Neurodevelopmental implications of the general anesthesia in neonate and infants

Abstract

Each year, about six million children, including 1.5 million infants, in the United States undergo surgery with general anesthesia, often requiring repeated exposures. However, a crucial question remains of whether neonatal anesthetics are safe for the developing central nervous system (CNS). General anesthesia encompasses the administration of agents that induce analgesic, sedative, and muscle relaxant effects. Although the mechanisms of action of general anesthetics are still not completely understood, recent data have suggested that anesthetics primarily modulate two major neurotransmitter receptor groups, either by inhibiting N-methyl-D-aspartate (NMDA) receptors, or conversely by activating γ-aminobutyric acid (GABA) receptors. Both of these mechanisms result in the same effect of inhibiting excitatory activity of neurons. In developing brains, which are more sensitive to disruptions in activity-dependent plasticity, this transient inhibition may have longterm neurodevelopmental consequences. Accumulating reports from preclinical studies show that anesthetics in neonates cause cellular toxicity including apoptosis and neurodegeneration in the developing brain. Importantly, animal and clinical studies indicate that exposure to general anesthetics may affect CNS development, resulting in long-lasting cognitive and behavioral deficiencies, such as learning and memory deficits, as well as abnormalities in social memory and social activity. While the casual relationship between cellular toxicity and neurological impairments is still not clear, recent reports in animal experiments showed that anesthetics in neonates can affect neurogenesis, which could be a possible mechanism underlying the chronic effect of anesthetics. Understanding the cellular and molecular mechanisms of anesthetic effects will help to define the scope of the problem in humans and may lead to preventive and therapeutic strategies. Therefore, in this review, we summarize the current evidence on neonatal anesthetic effects in the developmental CNS and discuss how factors influencing these processes can be translated into new therapeutic strategies.

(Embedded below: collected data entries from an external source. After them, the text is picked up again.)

(* Let $R$ be an amenable affine algebra over a field $K$ with no zero divisors. Then there exist finite-dimensional $K$-subspaces $\overline{V}_1\subseteq V_1\subseteq\overline{V}_2\subseteq V_2\subseteq\cdots\subseteq R$ such that: (a) for every $r\in R$, $\lim_{n\to\infty}\dim_K(V_nr+V_n)/\dim_K(V_n)=1$; (b) $\lim_{n\to\infty}\dim_K(\overline{V}_n)/\dim_K(V_n)=1$; (c) for every finite-dimensional $K$-subspace $Z\subseteq R$ there exists $k>0$ such that $\overline{V}_n+\overline{V}_nZ\subseteq V_n$ for all $n>k$.
   Context: An affine algebra is a finitely generated associative algebra over $K$, not necessarily unital. For subspaces $V,Z$, $VZ$ denotes the $K$-span of all products $vz$. $R$ is amenable if there exist finite-dimensional $K$-subspaces $W_1\subseteq W_2\subseteq\cdots$ with $\bigcup_nW_n=R$ such that for every $r\in R$, $\lim_{n\to\infty}\dim_K(W_nr+W_n)/\dim_K(W_n)=1$. *)

From HB Require Import structures.
From mathcomp Require Import all_boot all_order all_algebra.
From mathcomp Require Import boolp.
Set Implicit Arguments. Unset Strict Implicit. Unset Printing Implicit Defensive.
Import Order.TTheory GRing.Theory Num.Theory.
Local Open Scope ring_scope.

Section AffineAlgebra.
Variables (K : fieldType) (R : lmodType K).

Definition subsetR (A B : R -> Prop) : Prop := forall x, A x -> B x.

Definition kspan (s : seq R) : R -> Prop :=
  fun x => exists c : 'I_(size s) -> K, x = \sum_(i < size s) c i *: nth 0 s i.

Definition fdsub (W : R -> Prop) : Prop := exists s : seq R, W = kspan s.

(* dim_K W (kdim) : the least size of a spanning list (0 if W is not finite-dimensional,
   which never happens below). *)
Definition spanned_by (W : R -> Prop) (n : nat) : bool :=
  `[< exists s : seq R, size s = n /\ W = kspan s >].

Definition kdim (W : R -> Prop) : nat :=
  match pselect (exists n, spanned_by W n) with
  | left H => ex_minn H
  | right _ => 0%N
  end.

Definition addsp (A B : R -> Prop) : R -> Prop :=
  fun x => exists a b, A a /\ B b /\ x = a + b.

Definition is_assoc_algebra (mul : R -> R -> R) : Prop :=
  [/\ (forall (a : K) x y z, mul (a *: x + y) z = a *: mul x z + mul y z),
      (forall (a : K) x y z, mul z (a *: x + y) = a *: mul z x + mul z y)
    & (forall x y z, mul x (mul y z) = mul (mul x y) z)].

Definition rmul (mul : R -> R -> R) (W : R -> Prop) (r : R) : R -> Prop :=
  fun x => exists w, W w /\ x = mul w r.

Definition prodsp (mul : R -> R -> R) (V Z : R -> Prop) : R -> Prop :=
  fun x => exists l : seq (K * R * R),
    (forall t, t \in l -> V t.1.2 /\ Z t.2) /\
    x = \sum_(t <- l) t.1.1 *: mul t.1.2 t.2.

Definition subalgebra (mul : R -> R -> R) (S : R -> Prop) : Prop :=
  [/\ S 0, (forall (a : K) x y, S x -> S y -> S (a *: x + y))
    & (forall x y, S x -> S y -> S (mul x y))].

(* Affine = finitely generated as a (non-unital) K-algebra. *)
Definition affine (mul : R -> R -> R) : Prop :=
  exists gens : seq R, forall S : R -> Prop,
    subalgebra mul S -> (forall g, g \in gens -> S g) -> forall x, S x.

Definition no_zero_divisors (mul : R -> R -> R) : Prop :=
  forall x y, mul x y = 0 -> x = 0 \/ y = 0.

End AffineAlgebra.

Definition conv_to_one (f : nat -> rat) : Prop :=
  forall e : rat, 0 < e -> exists N : nat, forall n, (N <= n)%N -> `|f n - 1| < e.

Definition dimratio (a b : nat) : rat := a%:R / b%:R.

Definition amenable (K : fieldType) (R : lmodType K) (mul : R -> R -> R) : Prop :=
  exists W : nat -> R -> Prop,
    [/\ (forall n, fdsub (W n)),
        (forall n, subsetR (W n) (W n.+1)),
        (forall x, exists n, W n x)
      & (forall r, conv_to_one (fun n => dimratio (kdim (addsp (rmul mul (W n) r) (W n))) (kdim (W n))))].

(* Let W_0 <= W_1 <= ... be a Folner exhaustion of R by finite-dimensional
   subspaces.  Submodularity of dimension shows that for every
   finite-dimensional Z, dim (W_m + W_m Z) <= (1 + e) dim W_m once m is large:
   each generator y of Z adds at most the Folner defect
   dim (W_m y + W_m) - dim W_m.  Take \bar V_n = W_(m_n) and
   V_n = W_(m_n) + W_(m_n) W_n, where m_n grows fast enough for this bound to
   hold with e = 1/(n+1) and Z = W_(p_n) containing W_n + W_n W_n, and for
   V_(n-1) to lie in W_(m_n).  By associativity V_n r + V_n lies in
   W_(m_n) + W_(m_n) W_(p_n) for r in W_n, which gives (a) and (b); (c) holds
   as soon as Z lies in W_n. *)

From HB Require Import structures.
From mathcomp Require Import all_boot all_order all_algebra.
From mathcomp Require Import boolp.
From mathcomp Require Import lra.
Set Implicit Arguments. Unset Strict Implicit. Unset Printing Implicit Defensive.
Import Order.TTheory GRing.Theory Num.Theory.
Local Open Scope ring_scope.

Keywords: Anesthesia; Cognitive impairment; Cytotoxicity; Neonate; Neurogenesis; Neuroprotection.

Figure 1. Schematic diagram on possible mechanisms in neonatal anesthesia toxicity

Abbreviation: ATP: Adenosine triphosphate; ROS: Reactive oxygen species; NMDA receptor: N-methyl-D-aspartate; GABA_A receptor: Gamma-aminobutyric acid type A receptor; TNF-α: Tumor necrosis factor-α; IL-1β: Interleukin-1β; IL-6: Interleukin-6; IP3 receptor: Inositol triphosphate receptor; BDNF: Brain-derived; Akt: Phosphorylated serine/threonine-specific protein kinase; CaMK II: Calcium/calmodulin-dependent Protein Kinase II; ERK: extracellular signal-regulated protein kinase; PKC: Protein kinase C; p-JNK: Phosphorylated c-Jun N-terminal kinase; GSK-3β: Glycogen synthase kinase 3β; IKK: IκB kinase; NF-κB: nuclear factor kappa-light-chain-enhancer of activated B cells); ER: endoplasmic reticulum; Ca²⁺: Calcium ion. ↑: increase; ↓: decrease; ┤: block or inhibit.